I'm super new on your forum, but have been hunting for answers regarding spinning wool by spindle only. I've gotten LOTS of answers regarding spinning with wheels, but I don't have one of those Yet.

My question is, when plying 2 (or more) strands on a spindle, when the spindle is full, after I wind that plied yarn off, can I leave it attached to the spindle somehow? I know, it seems foolish but I don't know, and ALL the ladies in my fiber guild who spin use wheels for plying.

Also, which way do I twist my spindle for plying? Counterclockwise?

Thanks.


----------



## Rosepath (Feb 18, 2011)

You would ply in the opposite direction from what you spun the yarn. So if you turn your spindle clockwise to spin, then turn it counterclockwise to ply.
Not sure what you mean by the spindle being full. As your spindle drops lower and lower, it will be time to wind the spun yarn around the shaft of the spindle (below the whorl or round flat disk), then spin some more.
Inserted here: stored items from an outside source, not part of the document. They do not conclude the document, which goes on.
Lemma mem_strict_parts b m s :
  (s \in strict_parts b m) = [&& path gtn b.+1 s, all (leq a) s & sumn s == m].
Proof.
elim: b m s => [|b IHb] m s.
  case: s => [|x t] /=; first by case: m.
  rewrite (_ : x :: t \in _ = false); last by case: (m == 0).
  by apply/esym/negbTE/and3P => -[/andP[x_lt _] /andP[a_le _] _]; lia.
rewrite mem_cat IHb (fun_if (fun L => s \in L)) mem_map_cons in_nil.
case: s => [|x t]; first by rewrite if_same orbF.
rewrite [path _ _ (_ :: _)]/= [all _ (_ :: _)]/= [sumn _]/= IHb.
have [x_lt | x_gt | ->] := ltngtP x b.+1.
- by rewrite /= ltnS (ltnW x_lt) if_same orbF.
- by rewrite /= ltnS (ltn_geF x_gt) if_same.
rewrite /= ltnS leqnn; case: (leqP a b.+1) => /= _; last by rewrite andbF.
case: (leqP b.+1 m) => /= bm; first by congr [&& _, _ & _]; apply/eqP/eqP; lia.
by apply/esym/negbTE/and3P => -[_ _ /eqP]; lia.
Qed.

Lemma uniq_strict_parts b m : uniq (strict_parts b m).
Proof.
elim: b m => [|b IHb] m /=; first by case: (m == 0).
rewrite cat_uniq IHb; case: ifP => // _.
rewrite map_inj_uniq ?IHb ?andbT; last by move=> ? ? [].
by apply/hasPn => _ /mapP[t _ ->]; rewrite mem_strict_parts /= ltnn.
Qed.

Local Open Scope ring_scope.

Definition strict_gf b : {poly int} := \prod_(a <= k < b.+1) (1 + 'X^k).
(* Reiter's reconstruction R(D), in a Herbrand structure over Const
   (constants are interpreted by themselves) *)
Definition DCA : Prop := forall x : Const, exists c : Const, x = c.
Definition UNA : Prop := forall c c' : Const, c != c' -> c <> c'.
Definition Completion (D : instance) (I : pinterp) : Prop :=
  forall (P : Pred) (x : (ar P).-tuple Const),
    I (P, KBase) x <-> exists2 a, a \in D P & x = a.
Definition Reiter (D : instance) (I : pinterp) : Prop :=
  DCA /\ UNA /\ Completion D I.

Definition is_min (p : psym) : bool := match p.2 with Kt | Kf => true | _ => false end.
Definition is_var (p : psym) : bool := match p.2 with Kst => true | _ => false end.

Definition circ_charac (IC : seq ic) (D : instance) (I : pinterp) : Prop :=
  Reiter D I
  /\ (forall (P : Pred) (x : (ar P).-tuple Const),
        (I (P, KBase) x \/ I (P, Kt) x) <-> I (P, Kst) x)
  /\ (forall (P : Pred) (x : (ar P).-tuple Const),
        (I (P, Kst) x /\ ~ I (P, Kf) x) <-> I (P, Kss) x)
  /\ (forall (P : Pred) (x : (ar P).-tuple Const), ~ (I (P, Kt) x /\ I (P, Kf) x))
  /\ CircP (fun J => holds J (Theta IC D)) is_min is_var I.

End Repair.
(* Let $\mathbb{F}$ be a field of characteristic $p>0$. Let $P(t,y)\in\mathbb{F}[[t,y]]$ and $\varphi(t)\in\mathbb{F}[[t]]$ satisfy $$P(t,y)=(y-\varphi(t))^{p^{\ell}e}\cdot Q(t,y)$$ for some $Q\in\mathbb{F}[[t,y]]$, $\ell\ge0$ and $e\ge1$ with $\gcd(p,e)=1$. If $\varphi(0)=0$ and $Q(0,0)\neq0$, then $$\varphi(t)^{p^{\ell}}=\mathcal{D}\left(\frac{y^{2p^{\ell}}\cdot \big(\mathcal{H}^{(p^{\ell})}_y P\big)(ty,y)}{e\cdot P(ty,y)}\right),$$ where the quotient is an element of $\mathbb{F}[[t,y]]$.
   Context: For a bivariate power series $F(t,y)=\sum_{i,j\ge0}F_{i,j}t^iy^j$, the diagonal operator is $\mathcal{D}(F)(t)=\sum_{i\ge0}F_{i,i}t^i$. The Hasse derivative of order $i$ with respect to $y$, $\mathcal{H}^{(i)}_y(F)$, is the coefficient of $z^i$ in $F(t,y+z)$ (viewed as a power series in $z$ with coefficients in $\mathbb{F}[[t,y]]$). *)

From HB Require Import structures.
From mathcomp Require Import all_boot all_order all_algebra.
Set Implicit Arguments. Unset Strict Implicit. Unset Printing Implicit Defensive.
Import GRing.Theory.
Local Open Scope ring_scope.

Definition ps (F : Type) := nat -> F.
(* bivariate series: i j |-> coefficient of t^i y^j *)
Definition ps2 (F : Type) := nat -> nat -> F.

Section Series.
Variable F : fieldType.

Definition ps_one : ps F := fun n => (n == 0%N)%:R.
Definition ps_mul (a b : ps F) : ps F :=
  fun n => \sum_(k < n.+1) a k * b (n - k)%N.
Definition ps_exp (a : ps F) (k : nat) : ps F := iter k (ps_mul a) ps_one.
Lemma face_edges_at_vertex t g y1 y2 y :
  E y1 != E y2 -> at_vertex (E y1) t -> at_vertex (E y2) t -> at_vertex (E y) t ->
  edge_on_face (E y1) (Fc g) -> edge_on_face (E y2) (Fc g) -> edge_on_face (E y) (Fc g) ->
  E y = E y1 \/ E y = E y2.
Proof.
have not_all3 : edge_on_face (E t) (Fc g) -> edge_on_face (E (s t)) (Fc g) ->
    edge_on_face (E (s (s t))) (Fc g) -> False.
  have n01 := face_s_neq t; have n12 := face_s_neq (s t); have n20 := face_ss_neq t.
  rewrite !edge_on_faceE s3 => /orP [] /eqP -> /orP [] /eqP E2 /orP [] /eqP E3;
    by rewrite ?E2 ?E3 ?eqxx in n01 n12 n20.
rewrite !at_vertexE => n12 A1 A2 A3; move: A1 A2 A3 n12.
move=> /or3P [] /eqP -> /or3P [] /eqP -> /or3P [] /eqP -> n12 h1 h2 h3;
  rewrite ?eqxx //= in n12; try by [left | right].
all: by exfalso; apply: not_all3; rewrite ?h1 ?h2 ?h3.
Qed.

Section FaceCycle.
Variables (k : nat) (g : D) (u y : 'I_k -> D).
Hypothesis k_gt2 : 2 < k.
Hypothesis u_inj : forall j l, fconnect s (u j) (u l) -> j = l.
Hypothesis cyc : forall j,
  [/\ at_vertex (E (y j)) (u j), at_vertex (E (y j)) (u (ordS j)) & edge_on_face (E (y j)) (Fc g)].

Lemma cycle_vertices_apart j l : j != l -> ~~ fconnect s (u j) (u l).
Proof. by apply: contra => /u_inj ->. Qed.

Lemma ord_pred_neq (j : 'I_k) : ord_pred j != j.
Proof. by have := ordS_neq (ord_pred j) (ltnW k_gt2); rewrite ord_predK eq_sym. Qed.

Lemma cycle_edges_at j z : z \in Fc g -> fconnect s (u j) z ->
  E z = E (y j) \/ E z = E (y (ord_pred j)).
Proof.
move=> zg jz; have [a1 a2 g1] := cyc j.
have [b1 b2 g2] := cyc (ord_pred j); rewrite ord_predK in b2.
have ny : E (y j) != E (y (ord_pred j)).
  apply/eqP => Eyy; rewrite -Eyy in b1.
  have n1 : j != ordS j by rewrite eq_sym ordS_neq // ltnW.
  have n2 : ordS j != ord_pred j by rewrite eq_sym ord_pred_neq_ordS.
  have n3 : j != ord_pred j by rewrite eq_sym ord_pred_neq.
  have := edge_two_endpoints a1 a2 b1.
  by rewrite !(negbTE (cycle_vertices_apart _)).
have zj : at_vertex (E z) (u j) by apply/at_vertexP; exists z; rewrite ?mem_edge ?eqxx.
have zg' : edge_on_face (E z) (Fc g) by apply/set0Pn; exists z; rewrite in_setI mem_edge eqxx.
exact: face_edges_at_vertex ny a1 b2 zj g1 g2 zg'.
Qed.

Lemma cycle_step j z : z \in Fc g -> fconnect s (u j) z -> exists l, fconnect s (u l) (ph z).
Proof.
move=> zg jz.
have other l : at_vertex (E z) (u l) -> l != j -> fconnect s (u l) (ph z).
  move=> zl nlj; have nz : ~~ fconnect s (u l) z.
    apply: contra (cycle_vertices_apart nlj) => lz.
    by apply: connect_trans lz _; rewrite fconnect_s_sym.
  exact: connect_trans (other_endpoint zl nz) (fconnect1 _ _).
case: (cycle_edges_at zg jz) => Ez.
  by exists (ordS j); apply: other; [rewrite Ez; case: (cyc j) | rewrite ordS_neq // ltnW].
exists (ord_pred j); apply: other (ord_pred_neq j).
by rewrite Ez; case: (cyc (ord_pred j)).
Qed.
You can wind it pretty tightly on that shaft and it will hold quite a lot, depending on the thickness of the spun or plied yarn. There are several YouTube videos on spinning on a drop spindle, look up Snyder Spindles. He has a great video. I recommended his video after watching it on YouTube to someone, then I was at the Michigan Fiber Festival this weekend, and he walked by! In person!! Pretty exciting 
Good luck, hope this helps you with your spinning - keep at it, it'll be worth it.


----------



## Wind in Her Hair (Jul 18, 2002)

Rosepath said:


> There are several YouTube videos on spinning on a drop spindle, look up Snyder Spindles. He has a great video. I recommended his video after watching it on YouTube to someone, then I was at the Michigan Fiber Festival this weekend, and he walked by! In person!! Pretty exciting
> .


You mean "This guy"? I met him at Wisconsin Sheep and Wool. He is awesome.


----------



## Rosepath (Feb 18, 2011)

That's him! He is such a nice person and so encouraging to beginning spinners 
Nice shirt, too.


----------



## Wind in Her Hair (Jul 18, 2002)

Rosepath said:


> That's him! He is such a nice person and so encouraging to beginning spinners
> Nice shirt, too.


He IS a genuinely nice guy and his 3D spindles are amazing perpetual motion machines!


----------